Jacob Rees-Mogg: Veritas ex Intestinis

Dear Underlings,

It will not have escaped your attention that the Style Guide I introduced to the office has made it’s way into the national media. It is a statement of regrettable fact that I have received a great deal of mockery from so-called experts. Experts, soothsayers, astrologers are all in much the same category. Do you think that I consulted experts before moving my hedge fund to Dublin? Do you think that I consulted experts before ordering the renovations of my mother-in-law’s stately home? Of course not. As an Upper-class Englishman, I know that veritas ex intestinis. If you would believe the word of experts then you would believe that I have only the intelligence to achieve a second-class History degree, and that belief is simply intolerable. I shall expand gradus per gradus upon the reasons behind some of our new departmental rules.

‘Disappointment’ is banned because it is not our concern if an outcome causes unhappiness. If a benefit seeker is unhappy that they no longer have the finances to provide shelter and food, we must remind them of the wisdom of Doctor Pangloss, that we live in the best of all possible worlds. Reminding them of this will bring a deeper sense of happiness than mere money ever could. As an extremely rich man, I can attest to this truth.

‘Invest’ is banned because, as Tories, we do not believe in the simplistic socialist mantra that giving schools more money will in some way improve them. Rather, we are wise enough to realise that taking money away from public services will make them more efficient.

As my office servants, you shall have the pleasure of seeing this face every day. / Official Portrait of Mr Jacob Rees-Mogg, 2017, by Chris McAndrew, via Wikimedia Commons

Arguments have been made that it is outdated, or somehow sexist, to use the title ‘esquire’ for male M.P.s but not female M.P.s. (Urgo Tobias Ellwood Esquire, Miss Jessica Phillips.) We should cling to the traditions of the past. It is my belief that the past was better than the future will be, and I intend to make sure that this comes to pass.

We shall use double spaces after the end of each sentence. This is the rule I was raised with when as a twelve-year-old I tappitied away at my father’s typewriter, sending correspondence to the BBC and demanding higher dividend rates from the companies in which I held shares. It is an honorable tradition which I will defend with my dying breath.

Some critics have argued that in the departmental Style Guide I was attempting to ban the Oxford comma but failed to define it correctly, thus making a hypocrite of myself in the quest for linguistic clarity. I was simply pointing out that there should never be a comma after the word ‘and’ – a statement that no-one can disagree with. While I do of course, detest this newfangled Oxford comma, the intent was to stamp down on mistakes which I have never seen but which fellows without the benefit of an Etonian education could theoretically make. It is also important that you never capitalise a conjunction, never put a fullstop in the middle of a word and never smile at a crocodile.

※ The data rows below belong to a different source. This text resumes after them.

(* Let $n \geq 12$ and let $\Gamma_n$ be the group with presentation $$\Gamma_n = \langle s, x \mid [s^n, x] = 1,\ [x, s^i x s^{-i}] = 1 \text{ for } 1 \leq i \leq n-1 \rangle.$$ Let $S_1 = \{s, x\}$, $S_2 = \{s^{-1}, x\}$, $S_3 = \{s, x^{-1}\}$, $S_4 = \{s^{-1}, x^{-1}\}$. Then there exist elements $f_1, f_2, f_3, f_4, g_1, g_2, g_3, g_4 \in \Gamma_n$ such that: (i) $\langle f_1, f_2, f_3, f_4 \rangle \cong \langle g_1, g_2, g_3, g_4 \rangle \cong \mathbb{Z}^4$; (ii) each of $f_1, f_2, f_3, f_4$ can be represented by a positive word in the alphabet $S_1$; (iii) for every $1 \leq i \leq 4$, the element $g_i$ can be represented by a positive word in the alphabet $S_i$.
   Context: $[a,b]$ denotes the commutator of $a$ and $b$. Let $G$ be a group and $S \subseteq G \setminus \{1\}$ a subset such that $x \in S$ implies $x^{-1} \notin S$. A non-trivial reduced word $W = y_1^{m_1} \cdots y_k^{m_k}$ is a positive word in the alphabet $S$ if $y_1, \dots, y_k \in S$ and all exponents $m_1, \dots, m_k$ are positive integers. An element is represented by such a word if it equals the product in $G$. *)

(* The group Gamma_n is built honestly from its presentation:
   elements are words in s^{+-1}, x^{+-1}, modulo the congruence generated by
   free cancellation and the defining relators. *)
From mathcomp Require Import all_boot all_algebra.
Set Implicit Arguments. Unset Strict Implicit. Unset Printing Implicit Defensive.
Import GRing.Theory.

(* A letter (gen, inv): gen = false is s, gen = true is x; inv = true means inverse. *)
Definition letter := (bool * bool)%type.
Definition word := seq letter.

Definition ls  : letter := (false, false).
Definition lsi : letter := (false, true).
Definition lx  : letter := (true, false).
Definition lxi : letter := (true, true).

Definition linv (l : letter) : letter := (l.1, ~~ l.2).
Definition winv (w : word) : word := rev (map linv w).
Definition wpow (w : word) (k : nat) : word := flatten (nseq k w).

Definition wcomm (a b : word) : word := winv a ++ winv b ++ a ++ b.

Definition relators (n : nat) : seq word :=
  wcomm (wpow [:: ls] n) [:: lx]
  :: [seq wcomm [:: lx] (wpow [:: ls] i ++ [:: lx] ++ wpow [:: lsi] i) | i <- iota 1 n.-1].

Inductive gamma_eq (n : nat) : word -> word -> Prop :=
  | ge_refl w : gamma_eq n w w
  | ge_sym u v : gamma_eq n u v -> gamma_eq n v u
  | ge_trans u v w : gamma_eq n u v -> gamma_eq n v w -> gamma_eq n u w
  | ge_free u v l : gamma_eq n (u ++ [:: l; linv l] ++ v) (u ++ v)
  | ge_rel u v r : r \in relators n -> gamma_eq n (u ++ r ++ v) (u ++ v).

Inductive gen_word (fs : seq word) : word -> Prop :=
  | gw_nil : gen_word fs [::]
  | gw_pos f w : f \in fs -> gen_word fs w -> gen_word fs (f ++ w)
  | gw_neg f w : f \in fs -> gen_word fs w -> gen_word fs (winv f ++ w).

Definition in_subgroup (n : nat) (fs : seq word) (g : word) : Prop :=
  exists w, gen_word fs w /\ gamma_eq n g w.

Definition Z4 := {ffun 'I_4 -> int}.

Definition subgroup_iso_Z4 (n : nat) (fs : seq word) : Prop :=
  exists phi : Z4 -> word,
    (forall a b : Z4, gamma_eq n (phi (a + b)%R) (phi a ++ phi b)) /\
    (forall a b : Z4, gamma_eq n (phi a) (phi b) -> a = b) /\
    (forall g, in_subgroup n fs g <-> exists a, gamma_eq n g (phi a)).

(* g is represented by a positive word y_1^{m_1} ... y_k^{m_k} in the alphabet S:
   k >= 1, y_i in S, m_i > 0, reduced (consecutive y_i distinct) *)
Definition positive_rep (n : nat) (S : seq letter) (g : word) : Prop :=
  exists W : seq (letter * nat),
    W != [::] /\
    all (fun p => (p.1 \in S) && (0 < p.2)%N) W /\
    sorted (fun p q => p.1 != q.1) W /\
    gamma_eq n (flatten [seq wpow [:: p.1] p.2 | p <- W]) g.

Definition S1 : seq letter := [:: ls; lx].
Definition S2 : seq letter := [:: lsi; lx].
Definition S3 : seq letter := [:: ls; lxi].
Definition S4 : seq letter := [:: lsi; lxi].

From mathcomp Require Import all_boot all_algebra zify.
Import GRing.Theory.
Set Implicit Arguments. Unset Strict Implicit.

(* Let x_i = s^i x s^-i.  The words x_0, x_1, x_2 and s^n pairwise commute in
   Gamma_n: x_0 commutes with x_i (0 < i < n) by a relator, hence x_i with x_j
   after conjugating by a power of s; and s^n commutes with x by the relator
   [s^n, x], hence with every x_i.  So a |-> x_0^a0 x_1^a1 x_2^a2 s^(n a3) is a
   homomorphism Z^4 -> Gamma_n.  It is injective because the exponent sum of s
   and, for each residue j mod n, the exponent sum of the letters x^{+-1} at
   s-height j mod n are invariant under free cancellation and the relators, and
   they read off a.  Finally the positive words x, s^i x s^(n-i) = x_i s^n, s^n,
   s^2 x^-1 s^(n-2) = x_2^-1 s^n and x^-1 s^-n generate the same subgroups as
   x_0, x_1, x_2, s^n. *)

Lemma linvK : involutive linv.
Proof. by case=> a b; rewrite /linv negbK. Qed.

Lemma winvK : involutive winv.
Proof. by move=> w; rewrite /winv map_rev revK -map_comp (eq_map linvK) map_id. Qed.

Lemma winv_cat u v : winv (u ++ v) = winv v ++ winv u.
Proof. by rewrite /winv map_cat rev_cat. Qed.

Lemma winv_cons l w : winv (l :: w) = winv w ++ [:: linv l].
Proof. by rewrite /winv /= rev_cons -cats1. Qed.

Lemma winv_nseq k l : winv (nseq k l) = nseq k (linv l).
Proof. by rewrite /winv map_nseq rev_nseq. Qed.

Lemma wpow1l k l : wpow [:: l] k = nseq k l.
Proof. by rewrite /wpow; elim: k => //= k ->. Qed.

Lemma wpowS w k : wpow w k.+1 = w ++ wpow w k.
Proof. by []. Qed.

Lemma wpowSr w k : wpow w k.+1 = wpow w k ++ w.
Proof.
rewrite /wpow; elim: k => [|k IHk]; first by rewrite /= cats0.
by rewrite /= in IHk *; rewrite -catA -IHk.
Qed.

Section GammaEq.
Variable n : nat.

Lemma ge_cong p q u v : gamma_eq n u v -> gamma_eq n (p ++ u ++ q) (p ++ v ++ q).
Proof.
elim=> {u v} [w | u v _ | u v w _ IHuv _ IHvw | u v l | u v r r_rel].
- exact: ge_refl.
- exact: ge_sym.
- exact: ge_trans IHvw.
- by have := ge_free n (p ++ u) (v ++ q) l; rewrite !catA.
- by have := ge_rel (p ++ u) (v ++ q) r_rel; rewrite !catA.
Qed.

Lemma ge_catl p u v : gamma_eq n u v -> gamma_eq n (p ++ u) (p ++ v).
Proof. by move/(ge_cong p [::]); rewrite !cats0. Qed.

Lemma ge_catr q u v : gamma_eq n u v -> gamma_eq n (u ++ q) (v ++ q).
Proof. exact: ge_cong [::] q u v. Qed.

Lemma ge_cat u u' v v' :
  gamma_eq n u u' -> gamma_eq n v v' -> gamma_eq n (u ++ v) (u' ++ v').
Proof. by move=> Eu Ev; apply: ge_trans (ge_catr _ Eu) (ge_catl _ Ev). Qed.

Lemma ge_relator r : r \in relators n -> gamma_eq n r [::].
Proof. by move=> r_rel; have := ge_rel [::] [::] r_rel; rewrite cats0. Qed.

Lemma ge_mulgV w : gamma_eq n (w ++ winv w) [::].
Proof.
elim: w => [|l w IHw] /=; first exact: ge_refl.
rewrite winv_cons -cat1s (catA w).
apply: ge_trans (ge_cong [:: l] [:: linv l] IHw) _.
exact: ge_free n [::] [::] l.
Qed.

Lemma ge_mulVg w : gamma_eq n (winv w ++ w) [::].
Proof. by have := ge_mulgV (winv w); rewrite winvK. Qed.

Lemma ge_mulKg p u : gamma_eq n (winv p ++ p ++ u) u.
Proof. by rewrite catA; have := ge_catr u (ge_mulVg p). Qed.

Lemma ge_mulKVg p u : gamma_eq n (p ++ winv p ++ u) u.
Proof. by have := ge_mulKg (winv p) u; rewrite winvK. Qed.

Lemma ge_mulgK p u : gamma_eq n ((u ++ p) ++ winv p) u.
Proof. by rewrite -catA; have := ge_catl u (ge_mulgV p); rewrite cats0. Qed.

Lemma ge_mulgKV p u : gamma_eq n ((u ++ winv p) ++ p) u.
Proof. by have := ge_mulgK (winv p) u; rewrite winvK. Qed.

Lemma ge_winv u v : gamma_eq n u v -> gamma_eq n (winv u) (winv v).
Proof.
move=> Euv; apply: ge_trans (ge_sym (ge_mulgK v (winv u))) _.
apply: ge_trans (ge_catr _ (ge_catl _ (ge_sym Euv))) _.
by rewrite -catA; apply: ge_mulKg.
Qed.

End GammaEq.

Definition zpow (w : word) (z : int) : word :=
  match z with Posz k => wpow w k | Negz k => wpow (winv w) k.+1 end.

Definition wcommute n (a b : word) : Prop := gamma_eq n (a ++ b) (b ++ a).

Section ZPow.
Variable n : nat.
Implicit Types (w : word) (z : int).
Local Open Scope ring_scope.

Lemma zpowD1 w z : gamma_eq n (zpow w (z + 1)) (zpow w z ++ w).
Proof.
case: z => [k | [|k]].
- by rewrite -PoszD addn1 /= wpowSr; apply: ge_refl.
- by rewrite /= /wpow /= cats0; apply: ge_sym; apply: ge_mulVg.
- have -> : Negz k.+1 + 1 = Negz k by rewrite !NegzE; lia.
  by rewrite /= [wpow _ k.+2]wpowSr; apply: ge_sym; apply: ge_mulgKV.
Qed.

It would be a mistake – post hoc urgo procter hoc – to assume that people are laughing at me because of this latest news story. I wore a monocle as a child, I used a nationally televised debate to defend the British Empire’s use of concentration camps, and my book on prominent Victorians was described by scholars as “anathema to anyone with an ounce of historical, or simply common, sense”. A certain group of people have always found me ridiculous, but I am as respected today as I ever was.

I assure you that each of my instructions has a motivation as well thought out as the above. If anyone still wishes to discuss these matters, I am happy to set aside an hour from my working day in order to give staff individual instruction on how to communicate in their native language.

Some members of staff may believe that we have more important issues to deal with than linguistic pedantry, and decide to disregard my instruction. To them I say draco dormiens numquam titillandus. I may be an economic libertarian, but I am a linguistic authoritarian, and expect my instructions to be followed verbatim.

Toodle Pip,

Jacob Rees-Mogg Esquire

PS The new office dress code will be sent out early next week. Among the instructions will be a rule that ladies must wear heels of at least three inches, with a choice of either skirt or dress. Gentlemen must wear suits of an oversized jacket and trousers that pool at the ankle -the true gentleman dresses as though he is attending a debutante ball in a suit borrowed from his father. Further instructions shall be sent.


* Writing as myself rather than in character, I realise that a comma can be written after ‘and’ if the sentence is a subordinate clause. But by the time I realised this I’d written a paragraph that I like, and decided not to cut it.